- Activity -
In the records below, the line with "by apply/seteqP; split" opens the range and the line with "by split => j; have /andP[] := win j." closes it; print that range exactly and nothing else.

- Stored items -
____________
Lemma le_measure_bigsetU_ord {d} {T : ringOfSetsType d} {R : realFieldType}
    (mu : {content set T -> \bar R}) (n : nat) (F : 'I_n -> set T) :
  (forall i, measurable (F i)) ->
  (mu (\big[setU/set0]_(i < n) F i) <= \sum_(i < n) mu (F i))%E.
Proof.
elim: n F => [|n IH] F mF; first by rewrite !big_ord0 measure0.
rewrite !big_ord_recr /=; apply: le_trans (measureU2 _ _ _) _ => //.
- by apply: bigsetU_measurable => i _.
- by rewrite leeD2r // IH.
Qed.

Lemma le_measure_up_to_null {d} {T : ringOfSetsType d} {R : realFieldType}
    (mu : {measure set T -> \bar R}) {A B N : set T} :
  measurable A -> measurable B -> measurable N -> mu N = 0%E ->
  A `<=` B `|` N -> (mu A <= mu B)%E.
Proof.
move=> mA mB mN N0 AB; rewrite -(measureU0 mB mN N0).
by apply: le_measure AB; rewrite inE //; exact: measurableU.
Qed.

Lemma measurable_fun_big {d} {T : measurableType d} {R : realType} {I : Type}
    (op : R -> R -> R) (r : seq I) (x0 : T -> R) (f : I -> T -> R) :
  (forall g1 g2 : T -> R, measurable_fun setT g1 -> measurable_fun setT g2 ->
     measurable_fun setT (fun w => op (g1 w) (g2 w))) ->
  measurable_fun setT x0 -> (forall i, measurable_fun setT (f i)) ->
  measurable_fun setT (fun w => \big[op/x0 w]_(i <- r) f i w).
Proof.
move=> mop mx0 mf; elim: r => [|i r IH].
  by under eq_fun do rewrite big_nil.
by under eq_fun do rewrite big_cons; exact: mop.
Qed.

Lemma exists_eq_bigmin_seed {d} {T : orderType d} {I : Type} (r : seq I)
    (P : pred I) (F : I -> T) (i0 : I) :
  exists j, \big[Order.min/F i0]_(i <- r | P i) F i = F j.
Proof.
elim/big_ind: _ => [|_ _ [i ->] [j ->]|i _]; [by exists i0| |by exists i].
by rewrite /Order.min; case: ifP; [exists i|exists j].
Qed.

Section independent_exponentials.
Context {R : realType} {d : measure_display} {T : measurableType d}.
Context {P : probability T R} {k : nat} (E : 'I_k -> {RV P >-> R}).
Context {alpha : 'I_k -> R}.
Hypothesis alpha_gt0 : forall i, 0 < alpha i.
Hypothesis E_indep : mutually_independent_RV P E.
Hypothesis E_exponential : forall i (A : set R), measurable A ->
  distribution P (E i) A = exponential_prob (alpha i) A.

Let S := \sum_(j < k) alpha j.

Let S_gt0 (i : 'I_k) : 0 < S.
Proof.
by rewrite /S (bigD1 i) //= ltr_pwDl // sumr_ge0 // => j _; exact: ltW.
Qed.

Let prob_preimage j A : measurable A ->
  P (E j @^-1` A) = exponential_prob (alpha j) A.
Proof. exact: E_exponential. Qed.

Definition box (a b : 'I_k -> R) : set T := \bigcap_j E j @^-1` `[a j, b j[.

Lemma measurable_box a b : measurable (box a b).
Proof.
apply: fin_bigcap_measurable => // j _.
by apply: measurable_funPTI; exact: measurable_itv.
Qed.

Lemma prob_box a b : (forall j, 0 <= a j <= b j) ->
  P (box a b) = (\prod_j (expR (- alpha j * a j) - expR (- alpha j * b j)))%:E.
Proof.
move=> ab; have -> : box a b =
    \bigcap_(j in [set j | j \in [set: 'I_k]%SET]) E j @^-1` `[a j, b j[.
  by congr bigcap; apply/seteqP; split => j //= _; rewrite inE.
rewrite E_indep; last by move=> j; exact: measurable_itv.
rewrite -prodEFin; apply: eq_big => [j|j _]; first by rewrite inE.
have /andP[a0 ab_j] := ab j.
by rewrite prob_preimage ?exponential_prob_itv_co.
Qed.

Lemma prod_expR_shift (x : R) (a b : 'I_k -> R) :
  \prod_j (expR (- alpha j * (x + a j)) - expR (- alpha j * (x + b j))) =
  expR (- S * x) * \prod_j (expR (- alpha j * a j) - expR (- alpha j * b j)).
Proof.
have -> : - S * x = \sum_j - alpha j * x.
  by rewrite /S mulNr mulr_suml -sumrN; apply: eq_bigr => j _; rewrite mulNr.
rewrite expR_sum -big_split /=.
by apply: eq_bigr => j _; rewrite !mulrDr !expRD; ring.
Qed.

Definition shifted_boxes (h : R) (a b : 'I_k -> R) : set T :=
  \bigcup_n box (fun j => n%:R * h + a j) (fun j => n%:R * h + b j).

Lemma measurable_shifted_boxes h a b : measurable (shifted_boxes h a b).
Proof. by apply: bigcup_measurable => n _; exact: measurable_box. Qed.

Lemma prob_shifted_boxes h a b i : 0 < h -> a i = 0 -> b i = h ->
  (forall j, 0 <= a j <= b j) ->
  P (shifted_boxes h a b) =
  ((1 - expR (- alpha i * h)) / (1 - expR (- S * h)) *
   \prod_(j | j != i) (expR (- alpha j * a j) - expR (- alpha j * b j)))%:E.
Proof.
(* Coordinate i pins down n, so the translated boxes are disjoint, and by
   memorylessness their probabilities form a geometric sequence. *)
move=> h0 ai bi ab; have S0 := S_gt0 i.
rewrite measure_semi_bigcup; last 3 first.
- by move=> n; exact: measurable_box.
- move=> n m _ _ [w [/(_ i I) /= + /(_ i I) /=]].
  rewrite !in_itv /= ai bi !addr0.
  exact: grid_cell_uniq h0.
- exact: measurable_shifted_boxes.
rewrite (eq_eseriesr (g := fun n =>
    ((\prod_j (expR (- alpha j * a j) - expR (- alpha j * b j))) *
     expR (- S * h) ^+ n)%:E)); last first.
  move=> n _ /=; rewrite prob_box; last first.
    move=> j; have /andP[a0 abj] := ab j.
    by rewrite lerD2l abj andbT addr_ge0 // mulr_ge0 // ltW.
  by rewrite prod_expR_shift mulrC mulrCA expRM_natl.
rewrite eseries_geometric; last first.
  by rewrite expR_ge0 expR_lt1 mulNr oppr_lt0 mulr_gt0.
by rewrite (bigD1 i) //= ai bi mulr0 expR0 mulrAC.
Qed.

Variable i0 : 'I_k.

Definition spread (w : T) : R :=
  \big[Num.max/E i0 w]_i E i w - \big[Num.min/E i0 w]_i E i w.

Lemma measurable_spread_le t : measurable [set w | spread w <= t].
Proof.
have mspread : measurable_fun setT spread.
  apply: measurable_funB.
  - by apply: measurable_fun_big => // g1 g2; exact: measurable_maxr.
  - by apply: measurable_fun_big => // g1 g2; exact: measurable_minr.
rewrite -[X in measurable X]setTI.
have -> : [set w | spread w <= t] = spread @^-1` `]-oo, t].
  by apply/seteqP; split => w; rewrite /= in_itv.
exact: mspread (measurable_itv _).
Qed.

Lemma spread_le_of_window w x t :
  (forall j, x <= E j w <= x + t) -> spread w <= t.
Proof.
move=> win.
have [lo hi] : (forall j, x <= E j w) /\ (forall j, E j w <= x + t).
  by split => j; have /andP[] := win j.
have : \big[Num.max/E i0 w]_i E i w <= x + t.
  by apply/bigmax_leP; split => [|j _]; exact: hi.
have : x <= \big[Num.min/E i0 w]_i E i w.
  by apply/bigmin_geP; split => [|j _]; exact: lo.
rewrite /spread; lra.
Qed.

Lemma window_of_spread_le w t :
  spread w <= t -> exists i, forall j, E i w <= E j w <= E i w + t.
Proof.
have [i imin] := exists_eq_bigmin_seed (index_enum 'I_k) xpredT (E ^~ w) i0.
rewrite /spread imin => le_t; exists i => j.
have := le_bigmax (E i0 w) (E ^~ w) j; rewrite -imin bigmin_le /=; lra.
Qed.

Lemma prob_spread_le_lbound h t : 0 < h -> h <= t ->
  ((\sum_i (1 - expR (- alpha i * h)) / (1 - expR (- S * h)) *
     \prod_(j | j != i) (expR (- alpha j * h) - expR (- alpha j * t)))%:E
   <= P [set w | (spread w <= t)%R])%E.
Proof.
move=> h0 ht.
pose B i := shifted_boxes h (fun j => if j == i then 0 else h)
                            (fun j => if j == i then h else t).
have PB i : P (B i) = ((1 - expR (- alpha i * h)) / (1 - expR (- S * h)) *
    \prod_(j | j != i) (expR (- alpha j * h) - expR (- alpha j * t)))%:E.
  rewrite (@prob_shifted_boxes _ _ _ i) ?eqxx //; last first.
    by move=> j; case: ifP => _; apply/andP; split; lra.
  by congr (_ * _)%:E; apply: eq_bigr => j /negPf ->.
have BA : \big[setU/set0]_i B i `<=` [set w | spread w <= t].
  move=> w /bigsetU_ordP [i [n _ Bw]].
  apply: (@spread_le_of_window _ (n%:R * h)) => j.
  by have := Bw j I; rewrite /= in_itv /=; case: ifP => _ /andP[]; lra.
(* In B i the variable E i arrives strictly before all the others. *)
have trivB : trivIset setT B.
  move=> i i' _ _ [w [[n _ Bn] [m _ Bm]]].
  have [//|ii'] := eqVneq i i'; exfalso.
  have := Bn i I; have := Bn i' I; have := Bm i I; have := Bm i' I.
  by rewrite /= !in_itv /= !eqxx (negPf ii') eq_sym (negPf ii'); lra.
rewrite -sumEFin; under eq_bigr do rewrite -PB.
rewrite -measure_bigsetU_ord // => [|i]; last exact: measurable_shifted_boxes.
apply: le_measure BA; rewrite inE; last exact: measurable_spread_le.
by apply: bigsetU_measurable => i _; exact: measurable_shifted_boxes.
Qed.

Lemma prob_spread_le_ubound h t : 0 < h -> 0 < t ->
  (P [set w | (spread w <= t)%R] <=
   (\sum_i (1 - expR (- alpha i * h)) / (1 - expR (- S * h)) *
     \prod_(j | j != i) (1 - expR (- alpha j * (h + t))))%:E)%E.
Proof.
move=> h0 t0.
pose B i := shifted_boxes h (fun=> 0) (fun j => if j == i then h else h + t).
have PB i : P (B i) = ((1 - expR (- alpha i * h)) / (1 - expR (- S * h)) *
    \prod_(j | j != i) (1 - expR (- alpha j * (h + t))))%:E.
  rewrite (@prob_shifted_boxes _ _ _ i) ?eqxx //; last first.
    by move=> j; case: ifP => _; apply/andP; split; lra.
  by congr (_ * _)%:E; apply: eq_bigr => j /negPf ->; rewrite mulr0 expR0.
pose N := \big[setU/set0]_j (E j @^-1` `]-oo, 0[).
have mNj j : measurable (E j @^-1` `]-oo, 0[).
  by apply: measurable_funPTI; exact: measurable_itv.
have mN : measurable N by apply: bigsetU_measurable => j _.
have PNj j : P (E j @^-1` `]-oo, 0[) = 0%E.
  by rewrite prob_preimage ?exponential_prob_itvNy0.
have PN : P N = 0%E.
  apply/eqP; rewrite eq_le measure_ge0 andbT.
  apply: le_trans (le_measure_bigsetU_ord _ _ _ mNj) _.
  by rewrite big1 // => j _; exact: PNj.
have mB : measurable (\big[setU/set0]_i B i).
  by apply: bigsetU_measurable => i _; exact: measurable_shifted_boxes.
have cover : [set w | spread w <= t] `<=` \big[setU/set0]_i B i `|` N.
  move=> w /window_of_spread_le [i win].
  have [Ei_lt0|Ei_ge0] := ltP (E i w) 0.
    by right; apply/bigsetU_ordP; exists i; rewrite /= in_itv.
  left; apply/bigsetU_ordP; exists i.
  have /andP[lo hi] := truncn_itv (divr_ge0 Ei_ge0 (ltW h0)).
  rewrite ler_pdivlMr // in lo.
  rewrite ltr_pdivrMr // -natr1 mulrDl mul1r in hi.
  exists (Num.truncn (E i w / h)) => // j _; rewrite /= in_itv /= addr0.
  have /andP[ij ji] := win j.
  by case: ifP => [/eqP ->|_]; apply/andP; split; lra.
have mA := measurable_spread_le t.
apply: le_trans (le_measure_up_to_null P mA mB mN PN cover) _.
rewrite -sumEFin (eq_bigr (fun i => P (B i))) => [|i _]; last by rewrite PB.
by apply: le_measure_bigsetU_ord => i; exact: measurable_shifted_boxes.
Qed.

Lemma cvg_sum_ratio_prod (g : 'I_k -> R -> R) (c : 'I_k -> R) :
  (forall j, g j h @[h --> 0^'+] --> c j) ->
  \sum_i (1 - expR (- alpha i * h)) / (1 - expR (- S * h)) *
     \prod_(j | j != i) g j h @[h --> 0^'+] -->
  \sum_i alpha i / S * \prod_(j | j != i) c j.
Proof.
move=> gc; apply: cvg_big => [|i _]; first exact: add_continuous.
apply: cvgM; first exact: cvg_expR_ratio (ltW (alpha_gt0 i)) (S_gt0 i).
by apply: cvg_big => [|j _]; [exact: mul_continuous | exact: gc].
Qed.

Lemma cvg_prob_spread_lbound t :
  \sum_i (1 - expR (- alpha i * h)) / (1 - expR (- S * h)) *
     \prod_(j | j != i) (expR (- alpha j * h) - expR (- alpha j * t))
  @[h --> 0^'+] -->
  \sum_i alpha i / S * \prod_(j | j != i) (1 - expR (- alpha j * t)).
Proof.
apply: cvg_sum_ratio_prod => j.
by apply: cvgB; [exact: cvg_expRM_right0 | exact: cvg_cst].
Qed.

Lemma cvg_prob_spread_ubound t :
  \sum_i (1 - expR (- alpha i * h)) / (1 - expR (- S * h)) *
     \prod_(j | j != i) (1 - expR (- alpha j * (h + t)))
  @[h --> 0^'+] -->
  \sum_i alpha i / S * \prod_(j | j != i) (1 - expR (- alpha j * t)).
Proof.
apply: cvg_sum_ratio_prod => j; under eq_fun do rewrite mulrDr expRD.
apply: cvgB; first exact: cvg_cst.
by rewrite -[X in _ --> X]mul1r; apply: cvgMr_tmp; exact: cvg_expRM_right0.
Qed.

End independent_exponentials.

Theorem lemma1 (R : realType) (d : measure_display) (T : measurableType d)
  (P : probability T R) (k : nat) (hk : (0 < k)%N)
  (alpha : 'I_k -> R) (halpha : forall i, 0 < alpha i)
  (tbar : R) (htbar : 0 < tbar)
  (E : 'I_k -> {RV P >-> R})
  (hind : mutually_independent_RV P E)
  (hexp : forall i (A : set R), measurable A ->
     distribution P (E i) A = exponential_prob (alpha i) A) :
  P [set w | \big[Num.max/E (Ordinal hk) w]_(i < k) E i w
             - \big[Num.min/E (Ordinal hk) w]_(i < k) E i w <= tbar] =
  (\sum_(i < k) (alpha i / \sum_(j < k) alpha j) *
     \prod_(j < k | j != i) (1 - expR (- alpha j * tbar)))%:E.
Proof.
pose i0 := Ordinal hk.
have mA := measurable_spread_le E i0 tbar.
have PA_fin : P [set w | spread E i0 w <= tbar] \is a fin_num.
  by rewrite ge0_fin_numE // (le_lt_trans (probability_le1 P mA)) ?ltey.
rewrite -(fineK PA_fin); congr EFin; apply/le_anti/andP; split.
- apply: cvgr_to_ge (cvg_prob_spread_ubound halpha tbar) _.
  near=> h; have h0 : 0 < h by near: h; exact: nbhs_right_gt.
  by rewrite -lee_fin fineK // (prob_spread_le_ubound E halpha hind hexp).
- apply: cvgr_to_le (cvg_prob_spread_lbound halpha tbar) _.
  near=> h; have h0 : 0 < h by near: h; exact: nbhs_right_gt.
  have ht : h <= tbar by apply: ltW; near: h; exact: nbhs_right_lt.
  by rewrite -lee_fin fineK // (prob_spread_le_lbound E halpha hind hexp).
Unshelve. all: by end_near. Qed.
____________
- Written reply -
  by apply/seteqP; split => w; rewrite /= in_itv.
exact: mspread (measurable_itv _).
Qed.

Lemma spread_le_of_window w x t :
  (forall j, x <= E j w <= x + t) -> spread w <= t.
Proof.
move=> win.
have [lo hi] : (forall j, x <= E j w) /\ (forall j, E j w <= x + t).
  by split => j; have /andP[] := win j.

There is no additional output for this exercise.